Index(['Avg. Area Income', 'Avg. Area House Age', 'Avg. Area Number of Rooms',
       'Avg. Area Number of Bedrooms', 'Area Population', 'Price', 'Address'],
      dtype='object')

In [17]:
X = df[["Avg. Area Number of Rooms", "Avg. Area Number of Bedrooms", "Avg. Area House Age"]].values.reshape(-1, 1)
X = X[:5000, :]
y = df["Price"].values.reshape(-1, 1)

In [18]:
X.shape, y.shape

((5000, 1), (5000, 1))

In [20]:
X_train, X_test, y_train, y_test = train_test_split(X, y, test_size=0.20, random_state=32)
model = LinearRegression()

In [21]:
model.fit(X_train, y_train)

LinearRegression()

In [22]:
print(model.intercept_)
print(model.coef_)

[1241861.41839117]
[[-910.97684208]]


In [34]:
y_pred = model.predict(X_test)
for i in range(10):
    print(f"Actual Price of the House {i+1}: {df['Price'][i]}")
    print(f"Predicted Price of the House {i+1}: {y_pred[i]}\n")

Actual Price of the House 1: 1059033.5578701235
Predicted Price of the House 1: [1236784.89942955]

Actual Price of the House 2: 1505890.91484695
Predicted Price of the House 2: [1235910.37955868]

Actual Price of the House 3: 1058987.9878760849
Predicted Price of the House 3: [1236056.00809111]

Actual Price of the House 4: 1260616.8066294468
Predicted Price of the House 4: [1236782.98271739]

Actual Price of the House 5: 630943.4893385402
Predicted Price of the House 5: [1234824.37428654]

Actual Price of the House 6: 1068138.0743935304
Predicted Price of the House 6: [1236231.58150712]

Actual Price of the House 7: 1502055.8173744078
Predicted Price of the House 7: [1236413.39485953]

Actual Price of the House 8: 1573936.5644777217
Predicted Price of the House 8: [1235403.85028395]

Actual Price of the House 9: 798869.5328331633
Predicted Price of the House 9: [1237980.65704391]

Actual Price of the House 10: 1545154.8126419624
Predicted Price of the House 10: [1235962.07502501]



In [37]:
# it does not generalize well

In [36]:
model.score(X_train, y_train), model.score(X_test, y_test)

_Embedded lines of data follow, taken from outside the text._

(* Let $\tau$ be a typical Euclidean triangle and let $S_\tau=\langle s_1,s_2,s_3\rangle\subset \mathrm{O}(2)$ (see context). Then $S_\tau$ admits the finite presentation $\langle x_1,x_2,x_3 \mid x_1^2,\ x_2^2,\ x_3^2,\ (x_1x_2x_3)^2\rangle$, with the generator $x_i$ corresponding to $s_i$ for $i=1,2,3$.
   Context: A Euclidean triangle $\tau=A_1A_2A_3$ has edges $e_i=A_jA_k$ and interior angles $\alpha_i$ at $A_i$, $\{i,j,k\}=\{1,2,3\}$; it is typical if $\alpha_1,\alpha_2,\alpha_3$ are linearly independent over $\mathbb{Q}$. Let $r_i$ be the reflection of the plane across the line containing $e_i$, and let $s_i\in\mathrm{O}(2)$ be its linear part, i.e. the linear reflection across the line through the origin parallel to $e_i$. $S_\tau$ is the subgroup of $\mathrm{O}(2)$ generated by $s_1,s_2,s_3$. *)

From Stdlib Require Import Reals List QArith Qreals.
Import ListNotations.
Open Scope R_scope.

Definition point := (R * R)%type.

Definition vsub (p q : point) : point := (fst p - fst q, snd p - snd q).
Definition dot (p q : point) : R := fst p * fst q + snd p * snd q.
Definition vnorm (p : point) : R := sqrt (dot p p).
Definition cross (p q : point) : R := fst p * snd q - snd p * fst q.

Inductive idx := I1 | I2 | I3.

Definition tri := idx -> point.

Definition nondegenerate (A : tri) : Prop :=
  cross (vsub (A I2) (A I1)) (vsub (A I3) (A I1)) <> 0.

Definition others (i : idx) : idx * idx :=
  match i with I1 => (I2, I3) | I2 => (I3, I1) | I3 => (I1, I2) end.

Definition angle (A : tri) (i : idx) : R :=
  let u := vsub (A (fst (others i))) (A i) in
  let v := vsub (A (snd (others i))) (A i) in
  acos (dot u v / (vnorm u * vnorm v)).

Definition typical (A : tri) : Prop :=
  forall q1 q2 q3 : Q,
    Q2R q1 * angle A I1 + Q2R q2 * angle A I2 + Q2R q3 * angle A I3 = 0 ->
    Q2R q1 = 0 /\ Q2R q2 = 0 /\ Q2R q3 = 0.

Definition edge_dir (A : tri) (i : idx) : point :=
  vsub (A (snd (others i))) (A (fst (others i))).

Definition lin_refl (d : point) (v : point) : point :=
  let c := 2 * dot v d / dot d d in
  (c * fst d - fst v, c * snd d - snd v).

(* s_i in O(2): linear part of the reflection across the line containing e_i *)
Definition s (A : tri) (i : idx) : point -> point := lin_refl (edge_dir A i).

(* Words in the generators x_1, x_2, x_3 (each x_i is an involution in the
   presented group, so positive words suffice). *)
Definition word := list idx.

Definition eval (A : tri) (w : word) : point -> point :=
  fold_right (fun i f => fun v => s A i (f v)) (fun v => v) w.

Definition relators : list word :=
  [ [I1; I1]; [I2; I2]; [I3; I3]; [I1; I2; I3; I1; I2; I3] ].

(* The congruence on words defining the group
   < x1, x2, x3 | x1^2, x2^2, x3^2, (x1 x2 x3)^2 >:
   equality of the images of two words in that group. *)
Inductive pres_eq : word -> word -> Prop :=
  | pres_refl w : pres_eq w w
  | pres_sym w1 w2 : pres_eq w1 w2 -> pres_eq w2 w1
  | pres_trans w1 w2 w3 : pres_eq w1 w2 -> pres_eq w2 w3 -> pres_eq w1 w3
  | pres_rel u r v : In r relators -> pres_eq (u ++ r ++ v) (u ++ v).

(* By the composition rule for two line reflections, a := s1 s2 and
   b := s2 s3 are the rotations by 2 e alpha_3 and 2 e alpha_1, where e = +-1 is the
   orientation of the triangle.  In the presented group x1 x2 and x2 x3 commute
   (this is the relation (x1 x2 x3)^2 = 1) and x2 inverts both, so every word equals a
   normal form (x1 x2)^m (x2 x3)^n x2^p.  Its image is a rotation by
   2 e (m alpha_3 + n alpha_1), composed with s2 if p is set.  The parity p is recovered
   because a reflection is not a rotation.  Since s1 s2 . s2 s3 . s3 s1 = 1, the sum
   2 e (alpha_1 + alpha_2 + alpha_3) is a multiple k' PI of PI, with k' <> 0 by
   typicality; two normal forms with the same image thus differ by (dm, dn) with
   dm alpha_3 + dn alpha_1 a rational multiple of alpha_1 + alpha_2 + alpha_3, and
   typicality forces dm = dn = 0. *)

From Stdlib Require Import Reals List QArith Qreals Lra Lia Psatz ZArith FunctionalExtensionality.
Import ListNotations.
Open Scope R_scope.

Definition rot (t : R) (x : point) : point :=
  (cos t * fst x - sin t * snd x, sin t * fst x + cos t * snd x).

Lemma rot0 x : rot 0 x = x.
Proof. destruct x; unfold rot; simpl. rewrite cos_0, sin_0. f_equal; ring. Qed.

Lemma rot_add a b x : rot a (rot b x) = rot (a + b) x.
Proof.
  destruct x as [p q]. unfold rot; simpl. rewrite cos_plus, sin_plus. f_equal; ring.
Qed.

Lemma sin_sub_eq0_of_rot t u : (forall x, rot t x = rot u x) -> sin (t - u) = 0.
Proof.
  intro H. specialize (H (1, 0)). unfold rot in H; simpl in H. injection H; intros.
  rewrite sin_minus. replace (cos t) with (cos u) by lra. replace (sin t) with (sin u) by lra. ring.
Qed.

Lemma lin_refl_invol d x : dot d d <> 0 -> lin_refl d (lin_refl d x) = x.
Proof.
  destruct d as [a b], x as [p q]. unfold lin_refl, dot; simpl. intro H.
  f_equal; field; auto.
Qed.

Lemma lin_refl_rot d t x : dot d d <> 0 -> lin_refl d (rot t x) = rot (- t) (lin_refl d x).
Proof.
  destruct d as [a b], x as [p q]. unfold lin_refl, rot, dot; simpl. intro H.
  rewrite cos_neg, sin_neg. f_equal; field; auto.
Qed.

Lemma lin_refl_vsub_sym P Q x : lin_refl (vsub P Q) x = lin_refl (vsub Q P) x.
Proof.
  destruct P as [a b], Q as [c d], x; unfold lin_refl, vsub, dot; simpl.
  replace ((a - c) * (a - c) + (b - d) * (b - d)) with ((c - a) * (c - a) + (d - b) * (d - b))
    by ring.
  f_equal; unfold Rdiv; ring.
Qed.

Lemma lin_refl_neq_rot d t : dot d d <> 0 -> ~ (forall x, lin_refl d x = rot t x).
Proof.
  destruct d as [a b]. intros Hn H.
  pose proof (H (a, b)) as E1. pose proof (H (- b, a)) as E2.
  unfold lin_refl, rot, dot in *; simpl in *.
  replace (2 * (a * a + b * b) / (a * a + b * b)) with 2 in E1 by (field; auto).
  replace (2 * (- b * a + a * b) / (a * a + b * b)) with 0 in E2 by (field; auto).
  injection E1; injection E2; intros.
  apply Hn. assert (a = 0) by lra. assert (b = 0) by lra. subst. ring.
Qed.

Definition vangle (u v : point) : R := acos (dot u v / (vnorm u * vnorm v)).

Definition sgn (r : R) : R := if Rlt_dec 0 r then 1 else -1.

Lemma lagrange_identity u v : dot u v * dot u v + cross u v * cross u v = dot u u * dot v v.
Proof. destruct u, v; unfold dot, cross; simpl; ring. Qed.

Lemma dot_self_pos_l u v : cross u v <> 0 -> 0 < dot u u.
Proof.
  destruct u as [a b], v as [c d]; unfold dot, cross; simpl. intro H.
  destruct (Req_dec a 0), (Req_dec b 0); subst; try nra.
Qed.

Lemma dot_self_pos_r u v : cross u v <> 0 -> 0 < dot v v.
Proof.
  intro H. apply (dot_self_pos_l v u).
  destruct u, v; unfold cross in *; simpl in *; lra.
Qed.

Lemma vnorm_sqr u : vnorm u * vnorm u = dot u u.
Proof. apply sqrt_sqrt. destruct u; unfold dot; simpl; nra. Qed.

Lemma vnorm_pos u : 0 < dot u u -> 0 < vnorm u.
Proof. intro H. now apply sqrt_lt_R0. Qed.

Lemma div_vnorms_mul u v a b : 0 < dot u u -> 0 < dot v v ->
  a / (vnorm u * vnorm v) * (b / (vnorm u * vnorm v)) = a * b / (dot u u * dot v v).
Proof.
  intros Hu Hv. rewrite <- !vnorm_sqr.
  pose proof (vnorm_pos u Hu). pose proof (vnorm_pos v Hv). field; lra.
Qed.

Lemma cos_vangle u v : cross u v <> 0 -> cos (vangle u v) = dot u v / (vnorm u * vnorm v).
Proof.
  intro H. pose proof (dot_self_pos_l u v H) as Hu. pose proof (dot_self_pos_r u v H) as Hv.
  apply cos_acos.
  set (c := dot u v / (vnorm u * vnorm v)).
  assert (Hc : c * c <= 1).
  { unfold c. rewrite div_vnorms_mul by auto.
    pose proof (lagrange_identity u v).
    apply (Rmult_le_reg_r (dot u u * dot v v)); [nra|].
    unfold Rdiv. rewrite Rmult_assoc, Rinv_l by nra. nra. }
  split; nra.
Qed.

Lemma sin_vangle u v : 0 < cross u v -> sin (vangle u v) = cross u v / (vnorm u * vnorm v).
Proof.
  intro H. assert (H0 : cross u v <> 0) by lra.
  pose proof (dot_self_pos_l u v H0) as Hu. pose proof (dot_self_pos_r u v H0) as Hv.
  pose proof (vnorm_pos u Hu). pose proof (vnorm_pos v Hv).
  assert (Hc : -1 <= dot u v / (vnorm u * vnorm v) <= 1).
  { rewrite <- cos_vangle by auto. apply COS_bound. }
  unfold vangle. rewrite sin_acos by exact Hc.
  rewrite <- (sqrt_Rsqr (cross u v / (vnorm u * vnorm v)))
    by (apply Rlt_le, Rdiv_lt_0_compat; nra).
  f_equal. unfold Rsqr. rewrite !div_vnorms_mul by auto.
  pose proof (lagrange_identity u v). field_simplify_eq; nra.
Qed.

Lemma lin_refl_comp_pos u v x : 0 < cross u v ->
  lin_refl v (lin_refl u x) = rot (2 * vangle u v) x.
Proof.
  intro H. assert (H0 : cross u v <> 0) by lra.
  pose proof (dot_self_pos_l u v H0) as Hu. pose proof (dot_self_pos_r u v H0) as Hv.
  assert (Hcos2 : cos (2 * vangle u v) = 2 * (dot u v * dot u v / (dot u u * dot v v)) - 1).
  { rewrite cos_2a_cos, cos_vangle, Rmult_assoc, div_vnorms_mul by auto. reflexivity. }
  assert (Hsin2 : sin (2 * vangle u v) = 2 * (cross u v * dot u v / (dot u u * dot v v))).
  { rewrite sin_2a, cos_vangle, sin_vangle, Rmult_assoc, div_vnorms_mul by auto. reflexivity. }
  unfold rot. rewrite Hcos2, Hsin2.
  destruct u as [a b], v as [c d], x as [p q]; unfold lin_refl, dot, cross in *; simpl in *.
  f_equal; field; lra.
Qed.

Lemma lin_refl_comp u v x : cross u v <> 0 ->
  lin_refl v (lin_refl u x) = rot (2 * sgn (cross u v) * vangle u v) x.
Proof.
  intro H. unfold sgn. destruct (Rlt_dec 0 (cross u v)) as [Hpos|Hneg].
  - rewrite Rmult_1_r. now apply lin_refl_comp_pos.
  - assert (Hvu : 0 < cross v u) by (destruct u, v; unfold cross in *; simpl in *; lra).
    assert (Hsym : vangle v u = vangle u v).
    { unfold vangle. f_equal. destruct u, v; unfold dot; simpl. f_equal; ring. }
    assert (Hu : dot u u <> 0) by (pose proof (dot_self_pos_l u v H); lra).
    assert (Hv : dot v v <> 0) by (pose proof (dot_self_pos_r u v H); lra).
    rewrite <- (rot0 x) at 1.
    replace 0 with (2 * vangle v u + 2 * -1 * vangle u v) by (rewrite Hsym; ring).
    rewrite <- rot_add, <- lin_refl_comp_pos by exact Hvu.
    now rewrite lin_refl_invol, lin_refl_invol.
Qed.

(1.867965498691948e-05, -0.0037759919006334908)

In [40]:
y_train = y_train[:1000, :]
y_train.shape

(1000, 1)

In [46]:
print("\033[1mEvaluation of training performance:\n")
print("\033[0mMAE:",round(mean_absolute_error(y_train,y_pred),2))
print("RMSE:",round(np.sqrt(mean_squared_error(y_train,y_pred)),2))
print("R**2:",round(r2_score(y_train,y_pred),2))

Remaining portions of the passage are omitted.